* PROVIDED INFORMATION
Lemma cwd_bounds x y : in_S1 x -> in_S1 y -> 0 <= cwd x y < 1.
Proof. unfold in_S1; intros; destruct (cwd_cases x y) as [[? ->] | [? ->]]; lra. Qed.

Lemma cwd_xx x : cwd x x = 0.
Proof. unfold cwd; destruct (Rle_dec x x); lra. Qed.

Lemma is_lift_refl x : is_lift x x.
Proof. exists 0%Z; simpl; ring. Qed.

Lemma is_lift_addZ x X k : is_lift x X -> is_lift x (X + IZR k).
Proof. intros [m ->]; exists (m + k)%Z; rewrite plus_IZR; ring. Qed.

Lemma is_lift_add_cwd x y X : is_lift x X -> is_lift y (X + cwd x y).
Proof.
  intros [k ->]; destruct (cwd_cases x y) as [[_ ->] | [_ ->]].
  - exists k; ring.
  - exists (k + 1)%Z; rewrite plus_IZR; simpl; ring.
Qed.

Lemma Z_eq_of_IZR_near k m : IZR m - 1 < IZR k < IZR m + 1 -> k = m.
Proof.
  intros [h1 h2].
  assert (IZR (m - 1) < IZR k) as a1 by (rewrite minus_IZR; simpl; lra).
  assert (IZR k < IZR (m + 1)) as a2 by (rewrite plus_IZR; simpl; lra).
  apply lt_IZR in a1; apply lt_IZR in a2; lia.
Qed.

Section Lifts.

Variables x y X Y : R.
Hypotheses (x_S1 : in_S1 x) (y_S1 : in_S1 y) (xX : is_lift x X) (yY : is_lift y Y).

Lemma cwd_of_lifts : 0 <= Y - X < 1 -> cwd x y = Y - X.
Proof.
  unfold in_S1 in *; destruct xX as [a ->], yY as [b ->]; intros h.
  destruct (cwd_cases x y) as [[h1 ->] | [h1 ->]].
  - assert (b - a = 0)%Z as e by (apply Z_eq_of_IZR_near; rewrite minus_IZR; simpl; lra).
    assert (IZR b = IZR a) by (f_equal; lia); lra.
  - assert (b - a = 1)%Z as e by (apply Z_eq_of_IZR_near; rewrite minus_IZR; simpl; lra).
    assert (IZR b = IZR a + 1) by (replace b with (a + 1)%Z by lia; rewrite plus_IZR; simpl; lra).
    lra.
Qed.

Lemma eq_of_lifts_diffZ k : Y - X = IZR k -> x = y.
Proof.
  unfold in_S1 in *; destruct xX as [a ->], yY as [b ->]; intros h.
  assert (k - b + a = 0)%Z as e
    by (apply Z_eq_of_IZR_near; rewrite plus_IZR, minus_IZR; simpl; lra).
  assert (IZR k = IZR b - IZR a) by (rewrite <- minus_IZR; f_equal; lia); lra.
Qed.

Lemma eq_of_lifts_eq : Y = X -> x = y.
Proof. intros; apply (eq_of_lifts_diffZ 0); simpl; lra. Qed.

Lemma eq_of_lifts_succ : Y = X + 1 -> x = y.
Proof. intros; apply (eq_of_lifts_diffZ 1); simpl; lra. Qed.

Lemma neq_of_lifts : 0 < Y - X < 1 -> x <> y.
Proof.
  intros h e.
  assert (cwd x y = Y - X) as d by (apply cwd_of_lifts; lra).
  rewrite e, cwd_xx in d; lra.
Qed.

End Lifts.

Lemma lifts_eq x X Y : in_S1 x -> is_lift x X -> is_lift x Y -> 0 <= Y - X < 1 -> Y = X.
Proof.
  intros hx hX hY h.
  pose proof (cwd_of_lifts x x X Y hx hx hX hY h); rewrite cwd_xx in *; lra.
Qed.

Section CyclicOrderOfLifts.

Variables (a b c A B C : R).
Hypotheses (a_S1 : in_S1 a) (b_S1 : in_S1 b) (c_S1 : in_S1 c).
Hypotheses (aA : is_lift a A) (bB : is_lift b B) (cC : is_lift c C).

Lemma scyc_of_lifts : A < B -> B < C -> C < A + 1 -> scyc a b c.
Proof. intros; unfold scyc; rewrite (cwd_of_lifts a b A B), (cwd_of_lifts a c A C); auto; lra. Qed.

Lemma wcyc_of_lifts : A <= B -> B <= C -> C <= A + 1 -> wcyc a b c.
Proof.
  intros; unfold wcyc.
  destruct (Req_dec A B). { left; apply (eq_of_lifts_eq a b A B); auto. }
  destruct (Req_dec B C). { right; left; apply (eq_of_lifts_eq b c B C); auto. }
  destruct (Req_dec C (A + 1)).
  { right; right; left; symmetry; apply (eq_of_lifts_succ a c A C); auto. }
  right; right; right; apply scyc_of_lifts; lra.
Qed.

End CyclicOrderOfLifts.

Definition unwind (h : nat -> R) (i : nat) : R :=
  h O + rsum (fun j => cwd (h j) (h (S j))) i.

Lemma unwind_S h i : unwind h (S i) = unwind h i + cwd (h i) (h (S i)).
Proof. unfold unwind; simpl; ring. Qed.

Lemma unwind_lift h i : is_lift (h i) (unwind h i).
Proof.
  induction i; [unfold unwind; simpl; rewrite Rplus_0_r; apply is_lift_refl |].
  rewrite unwind_S; apply is_lift_add_cwd; auto.
Qed.

Lemma is_lub_ub S g x : is_lub S g -> S x -> x <= g.
Proof. intros [h _] hx; apply h; auto. Qed.

Lemma is_lub_le S g b : is_lub S g -> (forall x, S x -> x <= b) -> g <= b.
Proof. intros [_ h] hb; apply h; intros x hx; auto. Qed.
(* Continuity of real functions built from pointwise operations; these
   instances of Coquelicot's generic lemmas unify with lambda terms. *)
Lemma cont_plus (g h : R -> R) t :
  continuous g t -> continuous h t -> continuous (fun s => g s + h s) t.
Proof. intros; apply (continuous_plus g h); auto. Qed.
Lemma cont_mult (g h : R -> R) t :
  continuous g t -> continuous h t -> continuous (fun s => g s * h s) t.
Proof. intros; apply (continuous_mult g h); auto. Qed.
Lemma cont_minus (g h : R -> R) t :
  continuous g t -> continuous h t -> continuous (fun s => g s - h s) t.
Proof. intros; apply cont_plus; auto; apply (continuous_opp h); auto. Qed.
Lemma cont_const (a t : R) : continuous (fun _ => a) t.
Proof. apply continuous_const. Qed.
Lemma cont_pow2 (g : R -> R) t : continuous g t -> continuous (fun s => g s ^ 2) t.
Proof. intros; simpl; repeat apply cont_mult; auto; apply cont_const. Qed.
Lemma cont_sqrt (g : R -> R) t : continuous g t -> continuous (fun s => sqrt (g s)) t.
Proof. intros; apply (continuous_comp g sqrt); auto; apply continuous_sqrt. Qed.
Lemma cont_abs (g : R -> R) t : continuous g t -> continuous (fun s => Rabs (g s)) t.
Proof. intros; apply (continuous_comp g Rabs); auto; apply continuous_Rabs. Qed.
Lemma cont_2d (g : R -> R -> R) (a b : R -> R) t :
  (forall x u, continuity_2d_pt g x u) -> continuous a t -> continuous b t ->
  continuous (fun s => g (a s) (b s)) t.
Proof.
intros Hg Ha Hb. apply (continuous_comp_2 a b g); auto.
apply continuity_2d_pt_filterlim, Hg.
Qed.
Lemma cont_sum (F : nat -> R -> R) N t :
  (forall j, (j <= N)%nat -> continuous (F j) t) ->
  continuous (fun s => sum_f_R0 (fun j => F j s) N) t.
Proof.
induction N as [|N IH]; intros H; simpl; [apply H; lia|].
apply cont_plus; [apply IH; intros; apply H; lia|apply H; lia].
Qed.

Lemma is_derive_sum (F dF : nat -> R -> R) N t :
  (forall j, (j <= N)%nat -> is_derive (F j) t (dF j t)) ->
  is_derive (fun s => sum_f_R0 (fun j => F j s) N) t (sum_f_R0 (fun j => dF j t) N).
Proof.
induction N as [|N IH]; intros H; simpl; [apply H; lia|].
apply (is_derive_plus (fun s => sum_f_R0 (fun j => F j s) N) (F (S N)));
  [apply IH; intros; apply H; lia|apply H; lia].
Qed.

* TASK DESCRIPTION
Beginning at the line above that contains "is_derive (fun s", return each line exactly through the line that contains "apply (is_derive_plus (fun", and no others.

* COMPLETED TASK
  is_derive (fun s => sum_f_R0 (fun j => F j s) N) t (sum_f_R0 (fun j => dF j t) N).
Proof.
induction N as [|N IH]; intros H; simpl; [apply H; lia|].
apply (is_derive_plus (fun s => sum_f_R0 (fun j => F j s) N) (F (S N)));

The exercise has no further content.